+++ Extracted data

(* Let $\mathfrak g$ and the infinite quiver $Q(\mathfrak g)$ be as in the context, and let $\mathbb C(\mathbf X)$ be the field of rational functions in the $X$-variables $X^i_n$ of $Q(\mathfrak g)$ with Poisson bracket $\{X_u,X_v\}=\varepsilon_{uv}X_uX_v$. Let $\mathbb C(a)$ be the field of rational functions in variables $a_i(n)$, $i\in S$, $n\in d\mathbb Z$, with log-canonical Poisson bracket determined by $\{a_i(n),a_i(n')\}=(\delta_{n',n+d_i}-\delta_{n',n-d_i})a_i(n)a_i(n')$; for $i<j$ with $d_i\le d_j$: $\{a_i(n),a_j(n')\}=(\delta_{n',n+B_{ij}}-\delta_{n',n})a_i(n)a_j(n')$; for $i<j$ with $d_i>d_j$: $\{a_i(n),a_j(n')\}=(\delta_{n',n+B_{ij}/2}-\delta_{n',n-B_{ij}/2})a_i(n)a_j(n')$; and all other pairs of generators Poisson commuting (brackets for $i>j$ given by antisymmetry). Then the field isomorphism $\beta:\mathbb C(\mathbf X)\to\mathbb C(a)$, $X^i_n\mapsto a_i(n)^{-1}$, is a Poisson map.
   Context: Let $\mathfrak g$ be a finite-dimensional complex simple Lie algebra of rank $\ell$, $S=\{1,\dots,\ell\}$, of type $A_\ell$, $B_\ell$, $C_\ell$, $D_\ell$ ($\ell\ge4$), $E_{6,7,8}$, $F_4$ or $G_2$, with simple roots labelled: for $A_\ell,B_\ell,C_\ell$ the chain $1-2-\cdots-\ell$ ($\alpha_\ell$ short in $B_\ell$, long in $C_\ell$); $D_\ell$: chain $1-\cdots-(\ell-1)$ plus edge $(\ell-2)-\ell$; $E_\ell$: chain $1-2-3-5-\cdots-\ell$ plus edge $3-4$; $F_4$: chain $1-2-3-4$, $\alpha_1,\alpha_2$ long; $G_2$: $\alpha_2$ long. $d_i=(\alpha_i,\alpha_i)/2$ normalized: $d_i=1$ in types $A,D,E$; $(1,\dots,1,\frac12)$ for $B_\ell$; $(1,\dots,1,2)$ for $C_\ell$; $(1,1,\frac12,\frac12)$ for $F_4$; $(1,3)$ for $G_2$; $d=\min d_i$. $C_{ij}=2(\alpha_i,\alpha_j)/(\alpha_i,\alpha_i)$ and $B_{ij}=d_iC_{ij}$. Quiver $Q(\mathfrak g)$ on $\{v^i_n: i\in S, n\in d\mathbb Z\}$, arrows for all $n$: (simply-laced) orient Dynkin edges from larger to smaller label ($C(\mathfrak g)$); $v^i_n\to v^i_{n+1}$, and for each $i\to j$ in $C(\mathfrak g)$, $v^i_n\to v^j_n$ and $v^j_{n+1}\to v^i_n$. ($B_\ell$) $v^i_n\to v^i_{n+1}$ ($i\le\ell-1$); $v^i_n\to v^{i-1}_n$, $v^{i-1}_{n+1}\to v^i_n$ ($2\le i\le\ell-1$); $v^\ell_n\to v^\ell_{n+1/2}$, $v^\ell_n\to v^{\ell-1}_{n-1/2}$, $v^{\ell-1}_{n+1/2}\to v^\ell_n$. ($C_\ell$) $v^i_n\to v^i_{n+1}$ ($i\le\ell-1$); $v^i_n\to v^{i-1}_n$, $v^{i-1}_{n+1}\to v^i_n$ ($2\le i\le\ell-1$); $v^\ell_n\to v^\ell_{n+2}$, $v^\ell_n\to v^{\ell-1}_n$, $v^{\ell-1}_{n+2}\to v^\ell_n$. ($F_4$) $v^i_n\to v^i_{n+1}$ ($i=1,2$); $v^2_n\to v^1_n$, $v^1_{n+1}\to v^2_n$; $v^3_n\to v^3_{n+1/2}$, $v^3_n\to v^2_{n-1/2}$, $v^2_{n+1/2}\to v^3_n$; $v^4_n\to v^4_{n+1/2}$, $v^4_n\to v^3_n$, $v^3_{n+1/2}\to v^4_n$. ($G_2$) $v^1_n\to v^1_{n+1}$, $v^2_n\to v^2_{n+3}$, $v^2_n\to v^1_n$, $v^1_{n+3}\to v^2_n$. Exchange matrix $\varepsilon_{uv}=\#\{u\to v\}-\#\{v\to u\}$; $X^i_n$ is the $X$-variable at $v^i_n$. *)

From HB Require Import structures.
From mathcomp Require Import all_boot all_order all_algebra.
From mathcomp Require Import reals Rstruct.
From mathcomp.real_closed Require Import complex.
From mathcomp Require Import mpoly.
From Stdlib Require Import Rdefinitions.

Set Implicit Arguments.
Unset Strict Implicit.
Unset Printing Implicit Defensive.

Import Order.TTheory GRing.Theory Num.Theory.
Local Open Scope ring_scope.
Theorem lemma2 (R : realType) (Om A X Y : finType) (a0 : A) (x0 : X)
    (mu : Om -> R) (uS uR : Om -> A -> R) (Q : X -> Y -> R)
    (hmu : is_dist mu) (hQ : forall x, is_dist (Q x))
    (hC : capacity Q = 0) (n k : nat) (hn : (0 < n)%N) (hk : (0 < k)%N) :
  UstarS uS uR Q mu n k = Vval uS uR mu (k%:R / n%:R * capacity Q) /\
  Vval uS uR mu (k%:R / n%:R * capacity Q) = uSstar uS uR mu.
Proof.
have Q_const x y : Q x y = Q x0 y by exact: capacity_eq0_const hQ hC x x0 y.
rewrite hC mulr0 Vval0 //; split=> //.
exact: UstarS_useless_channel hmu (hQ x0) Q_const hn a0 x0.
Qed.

++++++

Prompt: Among the entries above, copy exactly only the lines starting with the one containing "From mathcomp.real_closed Require" and going through the one containing "UstarS uS uR", both ends included.

Response:
From mathcomp.real_closed Require Import complex.
From mathcomp Require Import mpoly.
From Stdlib Require Import Rdefinitions.

Set Implicit Arguments.
Unset Strict Implicit.
Unset Printing Implicit Defensive.

Import Order.TTheory GRing.Theory Num.Theory.
Local Open Scope ring_scope.
Theorem lemma2 (R : realType) (Om A X Y : finType) (a0 : A) (x0 : X)
    (mu : Om -> R) (uS uR : Om -> A -> R) (Q : X -> Y -> R)
    (hmu : is_dist mu) (hQ : forall x, is_dist (Q x))
    (hC : capacity Q = 0) (n k : nat) (hn : (0 < n)%N) (hk : (0 < k)%N) :
  UstarS uS uR Q mu n k = Vval uS uR mu (k%:R / n%:R * capacity Q) /\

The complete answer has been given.